Task requirements:
Would you return, word for word, the lines of the data below from the line with "Proof. by case=>" through the line with "Section Psi.", and no others?

(Supplied data Opens)

(* Let $R$ be a commutative ring and $n\ge 1$. Then ${\rm E}_{\psi_n}(R)={\rm E}_{2n-1}(R)$.
   Context: All rings are commutative with identity. ${\rm E}_m(R)$ is the subgroup of ${\rm SL}_m(R)$ generated by the elementary matrices $E_{ij}(\lambda)=I_m+\lambda e_{ij}$, $i\ne j$, $\lambda\in R$, where $e_{ij}$ is the matrix unit. $\psi_n=\sum_{i=1}^n e_{2i-1,2i}-\sum_{i=1}^n e_{2i,2i-1}$ is the standard $2n\times 2n$ symplectic (alternating) matrix. Elements of $R^m$ are row vectors, ${}^t$ is transpose. For an invertible alternating $2n\times2n$ matrix $\varphi$ (alternating means of the form $\nu-\nu^t$), write $\varphi=\begin{pmatrix}0&-c\\ c^t&\nu\end{pmatrix}$, $\varphi^{-1}=\begin{pmatrix}0&d\\ -d^t&\mu\end{pmatrix}$ with $c,d\in R^{2n-1}$, and set $\alpha_\varphi(v)=I_{2n-1}+d^tv\nu$, $\beta_\varphi(v)=I_{2n-1}+\mu v^tc$ for $v\in R^{2n-1}$. ${\rm E}_\varphi(R)$ is the subgroup of ${\rm GL}_{2n-1}(R)$ generated by all $\alpha_\varphi(v),\beta_\varphi(v)$, $v\in R^{2n-1}$. *)

From HB Require Import structures.
From mathcomp Require Import all_boot all_order all_algebra.
Set Implicit Arguments. Unset Strict Implicit. Unset Printing Implicit Defensive.
Import GRing.Theory.
Local Open Scope ring_scope.

Inductive gen_subgroup (R : comPzRingType) (k : nat) (S : 'M[R]_k -> Prop)
  : 'M[R]_k -> Prop :=
| gen_one : gen_subgroup S 1%:M
| gen_mul g A : S g -> gen_subgroup S A -> gen_subgroup S (g *m A)
| gen_inv g h A : S g -> g *m h = 1%:M -> h *m g = 1%:M ->
    gen_subgroup S A -> gen_subgroup S (h *m A).

Definition elem_mx (R : comPzRingType) (k : nat) (i j : 'I_k) (l : R)
  : 'M[R]_k := 1%:M + l *: delta_mx i j.

Definition elem_gens (R : comPzRingType) (k : nat) (M : 'M[R]_k) : Prop :=
  exists (i j : 'I_k) (l : R), i != j /\ M = elem_mx i j l.

Definition E_mx (R : comPzRingType) (k : nat) : 'M[R]_k -> Prop :=
  gen_subgroup (@elem_gens R k).

(* The standard symplectic matrix psi_n, of size 2n, written with size
   1 + m where m = 2n - 1 (valid when n >= 1).  Indices are 0-based:
   the paper's e_{2i-1,2i} is entry (even r, r+1). *)
Definition psi_mx (R : comPzRingType) (n : nat) : 'M[R]_(1 + (n.*2).-1) :=
  \matrix_(r, s)
    (if ~~ odd r && (s == r.+1 :> nat) then 1
     else if odd r && (s.+1 == r :> nat) then -1 else 0).

Section Ephi.
Variables (R : comPzRingType) (m : nat).
Variables (phi phiinv : 'M[R]_(1 + m)).
(* phi = [[0, -c], [c^t, nu]],  phi^{-1} = [[0, d], [-d^t, mu]] *)
Definition phi_c : 'rV[R]_m := - ursubmx phi.
Definition phi_nu : 'M[R]_m := drsubmx phi.
Definition phi_d : 'rV[R]_m := ursubmx phiinv.
Definition phi_mu : 'M[R]_m := drsubmx phiinv.
Definition alpha_phi (v : 'rV[R]_m) : 'M[R]_m :=
  1%:M + (phi_d)^T *m v *m phi_nu.
Definition beta_phi (v : 'rV[R]_m) : 'M[R]_m :=
  1%:M + phi_mu *m v^T *m phi_c.
Definition Ephi_gens (M : 'M[R]_m) : Prop :=
  exists v, M = alpha_phi v \/ M = beta_phi v.
Definition E_phi : 'M[R]_m -> Prop := gen_subgroup Ephi_gens.
End Ephi.

From HB Require Import structures.
From mathcomp Require Import all_boot all_order all_algebra.
Set Implicit Arguments. Unset Strict Implicit.
Import GRing.Theory.
Local Open Scope ring_scope.

(* Since psi^2 = -1, psi^-1 = -psi, so c = -d is the first unit vector and
   mu = -nu; hence alpha_psi(v) and beta_psi(v) are the transvections
   I + e^t w and I + w^t e along the first row and column, with w = -v nu.
   The first column of nu vanishes and nu^2 = -1 off the first coordinate, so
   w ranges over exactly the row vectors with w_1 = 0.  Such transvections are
   products of the E_1j(l) and E_j1(l), which in turn generate E_{2n-1}(R)
   through the commutator identity [E_i1(l), E_1j(1)] = E_ij(l). *)

Section GenSubgroup.
Variables (R : comPzRingType) (k : nat).
Implicit Types (S : 'M[R]_k -> Prop) (A B g : 'M[R]_k).

Lemma gen_subgroup_mul S A B :
  gen_subgroup S A -> gen_subgroup S B -> gen_subgroup S (A *m B).
Proof.
elim=> [|g A' Sg _ IH|g h A' Sg gh hg _ IH] SB; first by rewrite mul1mx.
- by rewrite -mulmxA; apply: gen_mul => //; exact: IH.
- by rewrite -mulmxA; apply: (gen_inv Sg gh hg); exact: IH.
Qed.

Lemma gen_subgroup_gen S g : S g -> gen_subgroup S g.
Proof. by move=> Sg; rewrite -[g]mulmx1; apply: gen_mul => //; exact: gen_one. Qed.

Lemma gen_subgroup_inv S g h :
  S g -> g *m h = 1%:M -> h *m g = 1%:M -> gen_subgroup S h.
Proof. by move=> Sg gh hg; rewrite -[h]mulmx1; apply: (gen_inv Sg gh hg); exact: gen_one. Qed.

Lemma gen_subgroup_sub S S' :
  (forall g, S g -> gen_subgroup S' g) ->
  (forall g, S g -> exists2 g', S g' & g *m g' = 1%:M) ->
  forall A, gen_subgroup S A -> gen_subgroup S' A.
Proof.
move=> SS' Sinv A; elim=> [|g A' Sg _ IH|g h A' Sg _ hg _ IH]; first exact: gen_one.
  by apply: gen_subgroup_mul IH; exact: SS'.
have [g' Sg' gg'] := Sinv g Sg.
have ->: h = g' by rewrite -[h]mulmx1 -gg' mulmxA hg mul1mx.
by apply: gen_subgroup_mul IH; exact: SS'.
Qed.

Lemma gen_subgroup_tr S A :
  (forall g, S g -> S g^T) -> gen_subgroup S A -> gen_subgroup S A^T.
Proof.
move=> Str; elim=> [|g A' Sg _ IH|g h A' Sg gh hg _ IH]; first by rewrite trmx1; exact: gen_one.
  by rewrite trmx_mul; apply: gen_subgroup_mul IH _; apply: gen_subgroup_gen; exact: Str.
rewrite trmx_mul; apply: gen_subgroup_mul IH _.
by apply: (gen_subgroup_inv (Str g Sg)); rewrite -trmx_mul ?hg ?gh trmx1.
Qed.

End GenSubgroup.

Section Transvections.
Variables (R : comPzRingType) (k : nat).
Implicit Types (i j p : 'I_k) (l : R) (w : 'rV[R]_k).

Definition row_transv i w : 'M[R]_k := 1%:M + (delta_mx i 0 : 'cV_k) *m w.
Definition col_transv i w : 'M[R]_k := 1%:M + w^T *m (delta_mx 0 i : 'rV_k).

Lemma tr_row_transv i w : (row_transv i w)^T = col_transv i w.
Proof. by rewrite /row_transv linearD /= trmx1 trmx_mul trmx_delta. Qed.

Lemma row_transvD i w w' : w 0 i = 0 ->
  row_transv i w *m row_transv i w' = row_transv i (w + w').
Proof.
move=> wi; have w_i : w *m (delta_mx i 0 : 'cV_k) = 0.
  by rewrite -colE; apply/matrixP => a b; rewrite !ord1 !mxE wi.
by rewrite /row_transv mulmxDl mul1mx mulmxDr mulmx1 -mulmxA (mulmxA w) w_i
  mul0mx mulmx0 addr0 mulmxDr addrA addrAC.
Qed.

Lemma row_transvN i w : w 0 i = 0 -> row_transv i w *m row_transv i (- w) = 1%:M.
Proof. by move=> wi; rewrite row_transvD // subrr /row_transv mulmx0 addr0. Qed.

Lemma col_transvN i w : w 0 i = 0 -> col_transv i w *m col_transv i (- w) = 1%:M.
Proof.
move=> wi; rewrite -!tr_row_transv -trmx_mul row_transvD; last by rewrite mxE wi oppr0.
by rewrite addNr /row_transv mulmx0 addr0 trmx1.
Qed.

Lemma row_transv_delta i j l : row_transv i (l *: delta_mx 0 j) = elem_mx i j l.
Proof. by rewrite /row_transv -scalemxAr mul_delta_mx. Qed.

Lemma col_transv_delta i j l : col_transv j (l *: delta_mx 0 i) = elem_mx i j l.
Proof. by rewrite -tr_row_transv row_transv_delta /elem_mx linearD /= trmx1 linearZ /= trmx_delta. Qed.

Lemma elem_mxN i j l : i != j -> elem_mx i j l *m elem_mx i j (- l) = 1%:M.
Proof.
move=> ij; rewrite -!row_transv_delta scaleNr row_transvN //.
by rewrite !mxE eqxx /= (negbTE ij) mulr0.
Qed.

Lemma E_mx_elem i j l : i != j -> E_mx (elem_mx i j l).
Proof. by move=> ij; apply: gen_subgroup_gen; exists i, j, l. Qed.

Lemma E_mx_tr (A : 'M[R]_k) : E_mx A -> E_mx A^T.
Proof.
apply: gen_subgroup_tr => _ [i [j [l [ij ->]]]]; exists j, i, l; split; first by rewrite eq_sym.
by rewrite /elem_mx linearD /= trmx1 linearZ /= trmx_delta.
Qed.

Lemma E_mx_row_transv i w : w 0 i = 0 -> E_mx (row_transv i w).
Proof.
move=> wi; have -> : w = \sum_(j | j != i) w 0 j *: delta_mx 0 j.
  by rewrite {1}[w]row_sum_delta (bigD1 i) //= wi scale0r add0r.
pose P w' := w' 0 i = 0 /\ E_mx (row_transv i w').
suff [] : P (\sum_(j | j != i) w 0 j *: delta_mx 0 j) by [].
apply: big_ind => [|w1 w2 [w1i E1] [w2i E2]|j ji].
- by split; [rewrite mxE | rewrite /row_transv mulmx0 addr0; exact: gen_one].
- split; first by rewrite mxE w1i w2i addr0.
  by rewrite -row_transvD //; exact: gen_subgroup_mul.
- split; first by rewrite !mxE eqxx /= eq_sym (negbTE ji) mulr0.
  by rewrite row_transv_delta; apply: E_mx_elem; rewrite eq_sym.
Qed.

Lemma E_mx_col_transv i w : w 0 i = 0 -> E_mx (col_transv i w).
Proof. by move=> wi; rewrite -tr_row_transv; apply: E_mx_tr; exact: E_mx_row_transv. Qed.

Lemma elem_mx_commutator i j p l : i != p -> j != p -> i != j ->
  elem_mx i p l *m elem_mx p j 1 *m elem_mx i p (- l) *m elem_mx p j (-1)
  = elem_mx i j l.
Proof.
move=> ip jp ij.
have e1 : elem_mx i p l *m elem_mx p j 1 = elem_mx i p l + delta_mx p j + l *: delta_mx i j.
  rewrite /elem_mx mulmxDl !mulmxDr !mul1mx !mulmx1 -scalemxAl -scalemxAr mul_delta_mx !scale1r.
  by rewrite addrA [1%:M + _ + l *: delta_mx i p]addrAC.
have e2 : (elem_mx i p l + delta_mx p j + l *: delta_mx i j) *m elem_mx i p (- l)
   = 1%:M + delta_mx p j + l *: delta_mx i j.
  rewrite /elem_mx !mulmxDl !mulmxDr !mul1mx !mulmx1 -!scalemxAl -!scalemxAr !mul_delta_mx_cond.
  rewrite !(eq_sym _ i) (negbTE ip) (negbTE ij) /= !mulr0n !scaler0 !addr0.
  by rewrite scaleNr addrNK.
rewrite e1 e2 /elem_mx !mulmxDl !mulmxDr !mul1mx !mulmx1 -!scalemxAl -!scalemxAr !mul_delta_mx_cond.
by rewrite (negbTE jp) /= !mulr0n !scaler0 !addr0 scaleN1r addrNK.
Qed.

Lemma gen_subgroup_elem_pivot (S : 'M[R]_k -> Prop) p :
  (forall j l, j != p -> gen_subgroup S (elem_mx p j l) /\ gen_subgroup S (elem_mx j p l)) ->
  forall i j l, i != j -> gen_subgroup S (elem_mx i j l).
Proof.
move=> Sp i j l; case: (eqVneq i p) => [-> pj | ip]; first by apply: (Sp j l _).1; rewrite eq_sym.
case: (eqVneq j p) => [-> | jp ij]; first by move=> _; exact: (Sp i l ip).2.
rewrite -(elem_mx_commutator l ip jp ij).
apply: gen_subgroup_mul; last exact: (Sp j _ jp).1.
apply: gen_subgroup_mul; last exact: (Sp i _ ip).2.
by apply: gen_subgroup_mul; [exact: (Sp i _ ip).2 | exact: (Sp j _ jp).1].
Qed.

End Transvections.

Section StandardAlternating.
Variables (R : comPzRingType) (m : nat) (phi phiinv : 'M[R]_(1 + m.+1)).
Hypothesis phi_tr : phi^T = - phi.
Hypothesis phi_sq : phi *m phi = - 1%:M.
Hypothesis phi_ul : ulsubmx phi = 0.
Hypothesis phi_ur : ursubmx phi = delta_mx 0 0.
Hypothesis phiinv_phi : phiinv *m phi = 1%:M.

Implicit Types (v : 'rV[R]_m.+1) (M : 'M[R]_m.+1).
Local Notation nu := (phi_nu phi).

Lemma phiinv_eq : phiinv = - phi.
Proof. by rewrite -[phiinv]mulmx1 -[1%:M]opprK -phi_sq -mulmxN mulmxA phiinv_phi mul1mx. Qed.

Lemma phi_dl : dlsubmx phi = - (delta_mx 0 0 : 'rV_m.+1)^T.
Proof.
by rewrite -phi_ur trmx_ursub phi_tr; apply/matrixP => a b; rewrite !mxE opprK.
Qed.

Lemma nu_tr : nu^T = - nu.
Proof. by rewrite trmx_drsub phi_tr; apply/matrixP => a b; rewrite !mxE. Qed.

Lemma mulmx_nu_col0 v : (v *m nu) 0 0 = 0.
Proof.
have nu_col0 : nu *m (delta_mx 0 0 : 'rV_m.+1)^T = 0.
  have := congr1 dlsubmx phi_sq; rewrite -{1 2}[phi]submxK mulmx_block block_mxKdl.
  rewrite phi_ul phi_dl mulmx0 add0r mulmxN scalar_mx_block opp_block_mx block_mxKdl oppr0.
  by move/eqP; rewrite oppr_eq0 => /eqP.
have -> : (v *m nu) 0 0 = (v *m nu *m (delta_mx 0 0 : 'rV_m.+1)^T) 0 0.
  by rewrite trmx_delta -colE [RHS]mxE.
by rewrite -mulmxA nu_col0 mulmx0 mxE.
Qed.

Lemma delta_mx_mul_nu_sq (j : 'I_m.+1) : j != 0 ->
  (delta_mx 0 j : 'rV_m.+1) *m nu *m nu = - delta_mx 0 j.
Proof.
move=> j0; have := congr1 drsubmx phi_sq; rewrite -{1 2}[phi]submxK mulmx_block block_mxKdr.
rewrite phi_ur phi_dl mulNmx trmx_delta mul_delta_mx scalar_mx_block opp_block_mx block_mxKdr.
rewrite -mulmxA /phi_nu; move/(canRL (addKr _)) ->.
by rewrite opprK mulmxBr mulmx1 mul_delta_mx_cond (negbTE j0) mulr0n sub0r.
Qed.

Lemma alpha_phiE v : alpha_phi phi phiinv v = row_transv 0 (- (v *m nu)).
Proof.
have ursubN : ursubmx (- phi) = - delta_mx 0 0.
  by rewrite -phi_ur; apply/matrixP => a b; rewrite !mxE.
by rewrite /alpha_phi /phi_d phiinv_eq ursubN linearN /= trmx_delta !mulNmx
  /row_transv mulmxN mulmxA.
Qed.

Lemma beta_phiE v : beta_phi phi phiinv v = col_transv 0 (- (v *m nu)).
Proof.
have drsubN : drsubmx (- phi) = - nu by apply/matrixP => a b; rewrite !mxE.
rewrite /beta_phi /phi_mu /phi_c phiinv_eq drsubN phi_ur /col_transv.
by rewrite [in RHS]linearN /= trmx_mul nu_tr !(mulNmx, mulmxN, opprK).
Qed.

Lemma E_phi_eq_E_mx M : E_phi phi phiinv M <-> E_mx M.
Proof.
have vnu_0 v : (- (v *m nu)) 0 0 = 0 by rewrite mxE mulmx_nu_col0 oppr0.
split; apply: gen_subgroup_sub.
- move=> _ [v [->|->]]; [rewrite alpha_phiE | rewrite beta_phiE].
    exact: E_mx_row_transv.
  exact: E_mx_col_transv.
- move=> _ [v [->|->]].
    exists (alpha_phi phi phiinv (- v)); first by exists (- v); left.
    by rewrite !alpha_phiE mulNmx row_transvN.
  exists (beta_phi phi phiinv (- v)); first by exists (- v); right.
  by rewrite !beta_phiE mulNmx col_transvN.
- move=> _ [i [j [l [ij ->]]]]; apply: (gen_subgroup_elem_pivot (p := 0)) ij => {}j {}l j0.
  pose v := l *: ((delta_mx 0 j : 'rV_m.+1) *m nu).
  have vE : - (v *m nu) = l *: delta_mx 0 j.
    by rewrite /v -scalemxAl delta_mx_mul_nu_sq // scalerN opprK.
  split; apply: gen_subgroup_gen; exists v; [left | right].
    by rewrite alpha_phiE vE row_transv_delta.
  by rewrite beta_phiE vE col_transv_delta.
- move=> _ [i [j [l [ij ->]]]]; exists (elem_mx i j (- l)); first by exists i, j, (- l).
  exact: elem_mxN.
Qed.

End StandardAlternating.

Definition partner (r : nat) : nat := if odd r then r.-1 else r.+1.

Lemma partnerK : involutive partner.
Proof. by case=> [|r]; rewrite /partner //=; case: (boolP (odd r)) => [|/negPf] /= ->. Qed.

Lemma odd_partner r : odd (partner r) = ~~ odd r.
Proof. by rewrite /partner; case: r => [|r] //=; case: (boolP (odd r)) => [|/negPf] /= ->. Qed.

Lemma partner_lt n r : (r < n.*2)%N -> (partner r < n.*2)%N.
Proof.
rewrite /partner; case: ifP => [_ | even_r lt_r]; first exact: leq_ltn_trans (leq_pred r).
rewrite ltn_neqAle lt_r andbT; apply: contraFneq even_r => r_eq.
by rewrite -[odd r]negbK -/(odd r.+1) r_eq odd_double.
Qed.

Section Psi.
Variable R : comPzRingType.

Lemma psi_mxE n r s : psi_mx R n r s = (-1) ^+ odd r *+ (s == partner r :> nat).
Proof.
rewrite mxE /partner mulrb; case: (nat_of_ord r) => [|r'] /=; first by rewrite expr0.
by case: (odd r') => /=; rewrite ?eqSS ?expr0 ?expr1.
Qed.

Lemma psi_tr n : (psi_mx R n)^T = - psi_mx R n.
Proof.
apply/matrixP => r s; rewrite [LHS]mxE [RHS]mxE !psi_mxE.
have -> : (nat_of_ord r == partner s) = (nat_of_ord s == partner r).
  by apply/eqP/eqP => ->; rewrite partnerK.
case: eqP => [->|_]; last by rewrite mulr0n oppr0.
by rewrite odd_partner; case: (odd r); rewrite ?expr0 ?expr1 ?opprK.
Qed.

Lemma sum_mulrn_eqn N (F : 'I_N.+1 -> R) (a : R) x : (x <= N)%N ->
  \sum_(t < N.+1) a *+ (t == x :> nat) * F t = a * F (inord x).
Proof.
move=> le_xN; rewrite (bigD1 (inord x)) //= big1 ?inordK ?eqxx ?mulr1n ?addr0 // => t.
by rewrite -val_eqE /= inordK // => /negPf ->; rewrite mulr0n mul0r.
Qed.

Lemma psi_sq k : psi_mx R k.+1 *m psi_mx R k.+1 = - 1%:M.
Proof.
apply/matrixP => r s; rewrite mxE [RHS]mxE.
under eq_bigr do rewrite psi_mxE.
rewrite sum_mulrn_eqn; last by rewrite -ltnS; exact: (@partner_lt k.+1 r (ltn_ord r)).
rewrite psi_mxE inordK; last exact: (@partner_lt k.+1 r (ltn_ord r)).
rewrite odd_partner partnerK mulrnAr.
have -> : (-1) ^+ odd r * (-1) ^+ (~~ odd r) = -1 :> R by case: (odd r); rewrite /= ?mulr1 ?mul1r.
by rewrite mulNrn mxE eq_sym.
Qed.

Lemma psi_ul k : ulsubmx (psi_mx R k) = 0.
Proof. by apply/matrixP => a b; rewrite !mxE !ord1. Qed.

Lemma psi_ur k : ursubmx (psi_mx R k.+1) = delta_mx 0 0.
Proof.
by apply/matrixP => a j; rewrite (ord1 a) !mxE /= add1n eqSS -val_eqE; case: eqP.
Qed.

End Psi.

Theorem lemma3p9 (R : comPzRingType) (n : nat) (hn : (0 < n)%N)
  (psiinv : 'M[R]_(1 + (n.*2).-1))
  (hinv : psi_mx R n *m psiinv = 1%:M) (hinv' : psiinv *m psi_mx R n = 1%:M) :
  forall M : 'M[R]_((n.*2).-1),
    E_phi (psi_mx R n) psiinv M <-> E_mx M.
Proof.
case: n hn psiinv hinv hinv' => // k _ psiinv _ hinv'.
exact: (E_phi_eq_E_mx (m := k.*2) (psi_tr R k.+1) (psi_sq R k) (psi_ul R k.+1) (psi_ur R k) hinv').
Qed.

(Supplied data Closes)

Task answer:
Proof. by case=> [|r]; rewrite /partner //=; case: (boolP (odd r)) => [|/negPf] /= ->. Qed.

Lemma odd_partner r : odd (partner r) = ~~ odd r.
Proof. by rewrite /partner; case: r => [|r] //=; case: (boolP (odd r)) => [|/negPf] /= ->. Qed.

Lemma partner_lt n r : (r < n.*2)%N -> (partner r < n.*2)%N.
Proof.
rewrite /partner; case: ifP => [_ | even_r lt_r]; first exact: leq_ltn_trans (leq_pred r).
rewrite ltn_neqAle lt_r andbT; apply: contraFneq even_r => r_eq.
by rewrite -[odd r]negbK -/(odd r.+1) r_eq odd_double.
Qed.

Section Psi.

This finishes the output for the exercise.